My kids are growing up, and I've begun to think about who I will become when they leave. You know, when they go off to an amazing college or sign up for the Peace Corps or get that coveted internship in Italy with the renowned fresco restorer and leave poor me here at home. (Can you tell I'm totally jealous of their presumed destinations?)
Mama bird, empty nest.
I mean, the youngest just started kindergarten, and the oldest is a mature second grader so I get that I have time for this. But sometimes when I pick up my youngest and clutch her big-girl body with its big-girl smells against my chest, her feet dangle all the way down to my knees, and I realize that I do not in fact have time, that I never have time.
When I watch a movie on TV and it's made sometime after 2000 I think to myself, well this is a recent movie. Until I look at the hair style or the unwrinkled actress who I used to sort of look like and I realize that 2000 was a long time ago.
Like tonight when I cuddled up and watched the first Harry Potter movie with my four kids for the first time, and I actually noted Daniel Radcliffe growing older. Over the course of the movie. And now? Now he's got a play on Broadway under his belt... where he's naked. A naked grown-up. Fifteen years go by just like that, in eight hastily rendered Harry Potter movies, from boy to man.
Vacation days belie this of course. They slump by, one aching day after another. Meal and dishes and laundry and card game and meal and dishes and laundry and straighten up and craft and... In perpetuity. It's a deceptive thing. Until you consider the Polaroid snapshot moment of the first gift Christmas morning or the New Year's Eve toast with sparkling apple juice. I have approximately fifteen more of those. Oh, wait. Fourteen.

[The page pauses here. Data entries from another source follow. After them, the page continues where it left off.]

Lemma normr_disc_le_scaled_mu U :
  r%:R * `|disc R r E U| - r%:R ^+ 2 * avgdeg R r E <= N * mu r E p.
Proof.
exact: le_trans (normr_disc_le_sigma_indic U) (normr_sigma_indic_le_scaled_mu U).
Qed.

End Normalization.
End Hypergraph.

Theorem lemma1p9 (R : realType) (r : nat) (hr : (2 <= r)%N) :
  exists C : R, 0 < C /\
  forall (V : finType) (E : {set {set V}}), @uniform V r E ->
  forall p : R, 0 < p ->
    (@nV R V) `^ (r%:R / p) * @lambda2 R V r E p >= r%:R * @discplus R V r E - C * @avgdeg R V r E
    /\ (@nV R V) `^ (r%:R / p) * @mu R V r E p >= r%:R * @discabs R V r E - C * @avgdeg R V r E.
Proof.
have r_gt0 : (0 < r)%N by exact: leq_trans hr.
exists (r%:R ^+ 2); split; first by rewrite exprn_gt0 // ltr0n.
move=> V E E_uniform p p_gt0.
have Cd_ge0 : 0 <= r%:R ^+ 2 * avgdeg R r E by rewrite mulr_ge0 ?exprn_ge0 ?avgdeg_ge0.
split; rewrite lerBlDr; apply: mulr_bigmax_le; rewrite ?ltr0n ?addr_ge0 //.
- by apply: scaled_lambda2_ge0.
- by move=> U; rewrite -lerBlDr; apply: disc_le_scaled_lambda2.
- by apply: scaled_mu_ge0.
- by move=> U; rewrite -lerBlDr; apply: normr_disc_le_scaled_mu.
Qed.
(* Let $G,H$ be connected graphs, $u_0\in V(G)$, $v_0\in V(H)$. If $\iota(G),\iota(H)<\infty$ then $\iota(G\circ_{u_0,v_0}H)=\iota(G)+\iota(H)$. If $\iota(G)=\infty$ or $\iota(H)=\infty$, then $\iota(G\circ_{u_0,v_0}H)=\infty$.
   Context: For a connected graph $G$ on vertices $v_1,\dots,v_n$, its distance matrix is $D=(d(v_i,v_j))_{i,j=1}^n$, where $d$ is the shortest-path distance; $\vec 1$ denotes the all-ones vector. $G$ is distance exceptional if $D\vec x=\vec 1$ has no solution. A curvature potential is a vector $\vec x$ with $D\vec x=\vec 1$. Curvature index $\iota(G)\in\mathbb{R}\cup\{\infty\}$: if $G$ is distance exceptional or has a curvature potential $\vec x$ with $\vec 1^\top\vec x\neq0$, then $\iota(G)$ is the unique real number with $\{D\vec x:\vec 1^\top\vec x=1\}\cap\mathbb{R}\vec 1=\{\iota(G)\vec 1\}$ (this intersection is a single point); otherwise (curvature potentials exist and all have $\vec 1^\top\vec x=0$) $\iota(G)=\infty$. The vertex coalescence $G\circ_{u_0,v_0}H$ is the graph obtained from the disjoint union of $G$ and $H$ by identifying $u_0$ with $v_0$. *)

From HB Require Import structures.
From mathcomp Require Import all_boot all_order all_algebra.
Set Implicit Arguments. Unset Strict Implicit. Unset Printing Implicit Defensive.
Import Order.TTheory GRing.Theory Num.Theory.
Local Open Scope ring_scope.

Definition simple_graph (T : finType) (e : rel T) : Prop :=
  symmetric e /\ irreflexive e.

Definition connected_graph (T : finType) (e : rel T) : Prop :=
  forall x y : T, connect e x y.

Fixpoint reach (T : finType) (e : rel T) (n : nat) (x y : T) : bool :=
  match n with
  | 0 => x == y
  | n'.+1 => [exists z, e x z && reach e n' z y]
  end.

(* Shortest-path distance: least n (< #|T|) with a walk of length n.
   For a connected graph this is the usual distance. *)
Definition gdist (T : finType) (e : rel T) (x y : T) : nat :=
  find (fun n => reach e n x y) (iota 0 #|T|).

Definition Dmul (R : realFieldType) (T : finType) (e : rel T) (x : T -> R) : T -> R :=
  fun v => \sum_(u : T) (gdist e v u)%:R * x u.

Definition curvature_potential (R : realFieldType) (T : finType) (e : rel T)
  (x : T -> R) : Prop := forall v, Dmul e x v = 1.

Definition distance_exceptional (R : realFieldType) (T : finType) (e : rel T) : Prop :=
  ~ exists x : T -> R, curvature_potential e x.

(* curvature_index e i : the curvature index of the graph is i,
   where None stands for infinity. *)
Definition curvature_index (R : realFieldType) (T : finType) (e : rel T)
  (i : option R) : Prop :=
  match i with
  | Some t =>
      (distance_exceptional R e \/
        exists x : T -> R, curvature_potential e x /\ \sum_(v : T) x v != 0)
      /\ (forall s : R,
            (exists x : T -> R, \sum_(v : T) x v = 1 /\ forall v, Dmul e x v = s)
            <-> s = t)
  | None =>
      (exists x : T -> R, curvature_potential e x)
      /\ forall x : T -> R, curvature_potential e x -> \sum_(v : T) x v = 0
  end.

(* Vertex coalescence G o_{u0,v0} H: vertex set V(G) + (V(H) \ {v0}),
   where v0 is identified with u0. *)
Definition coal_vertex (T1 T2 : finType) (v0 : T2) : finType :=
  (T1 + {v : T2 | v != v0})%type.

Definition coal_rel (T1 T2 : finType) (e1 : rel T1) (e2 : rel T2) (u0 : T1) (v0 : T2)
  : rel (@coal_vertex T1 T2 v0) :=
  fun a b =>
    match a, b with
    | inl x, inl y => e1 x y
    | inr x, inr y => e2 (val x) (val y)
    | inl x, inr y => (x == u0) && e2 v0 (val y)
    | inr x, inl y => (y == u0) && e2 (val x) v0
    end.
Arguments coal_vertex : clear implicits.
Arguments coal_rel {T1 T2} e1 e2 u0 v0.
Definition homotopic_on (R : realType) {X : topologicalType} (A : set X)
  (B : set X) (f g : X -> X) : Prop :=
  exists H : R * X -> X,
    {within `[0, 1]%classic `*` A, continuous H} /\
    (forall t x, `[0, 1]%classic t -> A x -> B (H (t, x))) /\
    (forall x, A x -> H (0, x) = f x) /\
    (forall x, A x -> H (1, x) = g x).

Definition homotopy_equivalence (R : realType) {X Y : topologicalType}
  (A : set X) (B : set Y) (f : X -> Y) : Prop :=
  {within A, continuous f} /\ (forall x, A x -> B (f x)) /\
  exists g : Y -> X,
    {within B, continuous g} /\ (forall y, B y -> A (g y)) /\
    homotopic_on R A A (g \o f) id /\ homotopic_on R B B (f \o g) id.

From Pilot Require Import Defs.
From HB Require Import structures.
From mathcomp Require Import all_boot all_order all_algebra.
From mathcomp Require Import all_classical all_reals all_analysis.
From mathcomp Require Import ring lra.
Import Order.TTheory GRing.Theory Num.Theory.
Import numFieldNormedType.Exports.
Local Open Scope classical_set_scope.
Local Open Scope ring_scope.

(* Fix a unit vector p and put wchord x y = (1 - <y,p>) x - (1 - <x,p>) y.  For x, y <> p
   this is (1 - <x,p>) (1 - <y,p>) (s x - s y) + (<x,p> - <y,p>) p, where s is the
   stereographic projection from p; hence wchord never vanishes on the deleted product, is
   antisymmetric, and is a multiple of p exactly when x = p or y = p.  Its direction phi is
   therefore an equivariant map to S^n with phi^-1 {p, -p} = T_p u tau T_p.  When <x,p> = 1,
   phi (x, y) = x / |x|, whose differential at x = p is the identity of the tangent space; by
   antisymmetry this gives transversality at both T_p and tau T_p.  The antipodal section
   w |-> (w, -w) is a homotopy inverse: phi (w, -w) = w, and normalising
   l (x, y) + (1 - l) (wchord x y, wchord y x) componentwise joins (phi z, - phi z) to z inside
   the deleted product.  Smoothness holds because every map involved is built from coordinates
   by ring operations and t |-> 1/sqrt t, and a class of functions closed under directional
   derivatives consists of smooth functions. *)

Set Implicit Arguments.
Unset Strict Implicit.
Unset Printing Implicit Defensive.

Lemma scaleRE (R : pzRingType) (a b : R^o) : a *: b = a * b.
Proof. by []. Qed.

Lemma derive_lineE (R : numFieldType) (V W : normedModType R) (f : V -> W) x v :
  'D_v f x = 'D_1 (fun h : R => f (h *: v + x)) 0.
Proof.
rewrite /derive; set g1 := fun h => h^-1 *: _; set g2 := fun h => h^-1 *: _.
suff -> : g1 = g2 by [].
by rewrite funeqE /g1 /g2 => h /=; rewrite addr0 scale0r add0r [_%:A]mulr1.
Qed.

Lemma derive_slice (R : numFieldType) (V V' W : normedModType R)
    (f : V -> W) (g : V' -> W) a b u v :
  (forall h : R, f (h *: u + a) = g (h *: v + b)) -> 'D_u f a = 'D_v g b.
Proof.
by move=> fg; rewrite (derive_lineE f) (derive_lineE g); under eq_fun do rewrite fg.
Qed.

Section SmoothFunctions.
Variables (R : realType) (V : normedModType R).
Implicit Types (U : set V) (f g : V -> R) (P : (V -> R) -> Prop).

Lemma is_derive_linear (W : normedModType R) (l : V -> W) x v :
  {morph l : a b / a + b} -> scalable l -> is_derive x v l (l v).
Proof.
move=> lD lZ.
have E : \forall h \near (0:R)^', h^-1 *: ((l \o shift x) (h *: v) - l x) = l v.
  near=> h; have h0 : h != 0 by near: h; exact: nbhs_dnbhs_neq.
  by rewrite /= lD lZ addrK scalerA mulVf // scale1r.
split; [exact: is_cvg_near_cst E | exact: lim_near_cst E].
Unshelve. all: by end_near. Qed.

Definition rsqrt (r : R) := (Num.sqrt r)^-1.

Lemma rsqrt_gt0 (r : R) : 0 < r -> 0 < rsqrt r.
Proof. by move=> r0; rewrite /rsqrt invr_gt0 sqrtr_gt0. Qed.

Lemma is_derive_rsqrt f x v : 0 < f x -> derivable f x v ->
  is_derive x v (fun y => rsqrt (f y)) (- 2^-1 * rsqrt (f x) ^+ 3 * 'D_v f x).
Proof.
move=> fx0 df.
have sqrt_f : is_derive x v (fun y => Num.sqrt (f y))
    ((2 * Num.sqrt (f x))^-1 * 'D_v f x).
  have f_line : is_derive (0 : R) (1 : R) (fun h : R => f (h *: v + x)) ('D_v f x).
    by split; [exact: (derivable1P f x v).1 | rewrite -derive_lineE].
  have sqrt' : is_derive (f (0 *: v + x)) 1 (@Num.sqrt R) (2 * Num.sqrt (f x))^-1.
    by rewrite scale0r add0r; exact: is_derive1_sqrt.
  have [sqrt_f_line D] := is_derive1_comp sqrt' f_line.
  by split; [exact/(derivable1P _ x v).2 | rewrite derive_lineE D].
have s0 : Num.sqrt (f x) != 0 by rewrite gt_eqF // sqrtr_gt0.
apply: DeriveDef; first exact: derivableV.
by rewrite deriveV // derive_val /rsqrt exprVn scaleRE; field.
Qed.

Definition derive_closed U P := forall f, P f ->
  [/\ forall x, U x -> {for x, continuous f},
      forall x v, U x -> derivable f x v &
      forall v, exists2 f', P f' & forall x, U x -> 'D_v f x = f' x].

Definition smooth_fun U f := exists2 P, derive_closed U P & P f.

Lemma smooth_fun_derive_closed U : derive_closed U (smooth_fun U).
Proof.
move=> f [P cP Pf]; have [fc fd fD] := cP f Pf; split => // v.
by have [f' Pf' Df] := fD v; exists f' => //; exists P.
Qed.

Inductive rsqrt_closure U P : (V -> R) -> Prop :=
| RC_gen f of P f : rsqrt_closure U P f
| RC_cst c : rsqrt_closure U P (fun=> c)
| RC_add f g of rsqrt_closure U P f & rsqrt_closure U P g :
    rsqrt_closure U P (fun x => f x + g x)
| RC_mul f g of rsqrt_closure U P f & rsqrt_closure U P g :
    rsqrt_closure U P (fun x => f x * g x)
| RC_rsqrt f of rsqrt_closure U P f & (forall x, U x -> 0 < f x) :
    rsqrt_closure U P (fun x => rsqrt (f x)).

I remember watching my older sisters go off to college. First there were four of us carrying boxes up to a crappy dorm room for the oldest, then there were three helping the next, then for me there was just my younger brother helping me. Then I guess he moved his own cheap futon and folding bookcase.

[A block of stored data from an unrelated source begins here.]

Lemma map_index_uniq s : uniq s -> [seq index y s | y <- s] = iota 0 (size s).
Proof.
elim: s => //= y s IHs /andP[ys us]; rewrite eqxx (iotaDl 1 0) -IHs // -map_comp.
congr (_ :: _); apply/eq_in_map => z zs /=.
by rewrite ifN //; apply: contraNneq ys => ->.
Qed.

End FirstOccurrence.

(* Colours are relabelled 0, 1, 2, ... in order of first appearance.  Once m labels are
   in use, a 3-list consists of j of them (in increasing order) followed by the 3 - j
   fresh labels m, ..., m + 2 - j; the second component is the new number of labels. *)
Definition next_canon (m : nat) : seq (seq nat * nat) :=
  [seq (o ++ iota m (3 - j), m + (3 - j)) | j <- iota 0 4, o <- subseqs j (iota 0 m)].

Fixpoint canon_lists (k m : nat) : seq (seq (seq nat)) :=
  if k is k'.+1 then [seq p.1 :: ls | p <- next_canon m, ls <- canon_lists k' p.2]
  else [:: [::]].

Lemma add_new_canon (X : eqType) (acc e : seq X) : uniq acc -> triple e ->
  exists2 p, p \in next_canon (size acc) &
    p.2 = size (add_new acc e) /\ perm_eq [seq index y (add_new acc e) | y <- e] p.1.
Proof.
move=> uacc /andP[ue /eqP sizee].
set old := [seq y <- e | y \in acc]; set new := [seq y <- e | y \notin acc].
set oi := [seq index y acc | y <- old].
set o := [seq i <- iota 0 (size acc) | i \in oi].
have uoi : uniq oi.
  rewrite map_inj_in_uniq ?filter_uniq // => y z.
  by rewrite !mem_filter => /andP[ya _] /andP[za _]; apply: index_inj.
have o_oi : perm_eq o oi.
  apply: uniq_perm; rewrite ?filter_uniq ?iota_uniq // => i.
  rewrite mem_filter mem_iota /= add0n andb_idr // => /mapP[y].
  by rewrite mem_filter => /andP[ya _] ->; rewrite index_mem.
have sizenew : size new = 3 - size old.
  by rewrite -sizee -(count_predC [in acc] e) !size_filter addKn.
have map_old : [seq index y (add_new acc e) | y <- old] = oi.
  by apply/eq_in_map => y; rewrite mem_filter index_cat => /andP[->].
have map_new : [seq index y (add_new acc e) | y <- new] = iota (size acc) (size new).
  rewrite -[size acc]addn0 iotaDl -map_index_uniq ?filter_uniq // -map_comp.
  by apply/eq_in_map => y; rewrite mem_filter /= index_cat => /andP[/negPf->].
exists (o ++ iota (size acc) (3 - size old), size acc + (3 - size old)).
  apply/allpairsPdep; exists (size old), o; split => //.
    by rewrite mem_iota ltnS -sizee size_filter count_size.
  have <- : count [in oi] (iota 0 (size acc)) = size old.
    by rewrite -size_filter (perm_size o_oi) size_map.
  exact: filter_subseqs.
split; first by rewrite size_cat sizenew.
rewrite perm_sym (perm_catr _ o_oi) -sizenew -map_new -map_old -map_cat.
by apply/perm_map; rewrite perm_filterC.
Qed.

Lemma canon_chain (X : eqType) (acc : seq X) es r : uniq acc -> all triple es ->
  exists2 ls, ls \in canon_lists (size es) (size acc) &
    all2 perm_eq [seq [seq index y (foldl add_new acc es ++ r) | y <- e] | e <- es] ls.
Proof.
elim: es acc => [|e es IHes] acc uacc /=; first by exists [::].
case/andP=> /[dup] /andP[ue _] te tes.
have [p p_canon [p2E perm_p]] := add_new_canon uacc te.
have [ls ls_canon perm_ls] := IHes _ (add_new_uniq uacc ue) tes.
exists (p.1 :: ls); first by apply/allpairsPdep; exists p, ls; rewrite p2E.
rewrite /= {}perm_ls andbT; have [r' ->] := foldl_add_new_prefix (add_new acc e) es.
rewrite -catA; congr (perm_eq _ _): perm_p; apply/eq_in_map => y /(mem_add_new acc) ye.
by rewrite index_cat ye.
Qed.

Once he was out of the home too, my mom was left with my ailing father and severely disabled older brother. It was just enough to be too much for her to recreate herself from scratch into the librarian she once was for six months before my oldest brother was born and her whole life changed, it was too much for her also to go back to school to become a nurse, officially codifying the caregiving she managed daily.
Last year she moved into a groovy retirement community near my oldest sister. She took up bocce with a vengeance. Bocce. She called this past fall to say that she broke four ribs and one vertebrae climbing onto a chair to reach a high shelf, but she still took her turn in the bocce tournament before heading to the ER. And now she's begun to volunteer for their memory ward, which seems mildly ironic if you know her, but still. Fifty years later and Stella's getting her groove back.
I'm not wishing away these days, trying to fast forward the next fifteen years. (Oh wait, fourteen.) I'm the one who has trouble getting rid of outgrown clothing. Because I can't imagine they've all grown so big, and because I have such achingly sweet memories of my middle girl in the yellow corduroy pinafore with the flower appliqué. If I give it away, how will I remember how we bunched her wispy hair on top of her head just so? How can I possibly hold onto that time?
But I know too, that they are watching me, these four kids of mine, to see who it is that I am. Am I there for them when they need me? Do I cook and bake and nurture for them, to them, at them? Do I treasure that yellow pinafore appropriately?
Then again, am I something for just me and sometimes just for my husband, too? Because they need to know they can leave someday and then come back again to a woman who is happy in her marriage, thinking thoughts, asking questions, making things that weren't there before. Growing.
So for 2016 I'm making some goals. They're mostly the broad strokes but mildly specific kind of goals I make every year and then vaguely aim towards. Make some art, write some stuff, finish the rough draft of the book, clean out a closet or two, choose joy and kindness over complaining or meanness. Work out more, waste time less. Be a good friend, daughter, mom.
Oh, wait. Too much?
That I could be someone they'd one day want to be too, maybe that's my resolution for 2016. Or better yet, that I can be someone I would want to be, perhaps that one is even better still.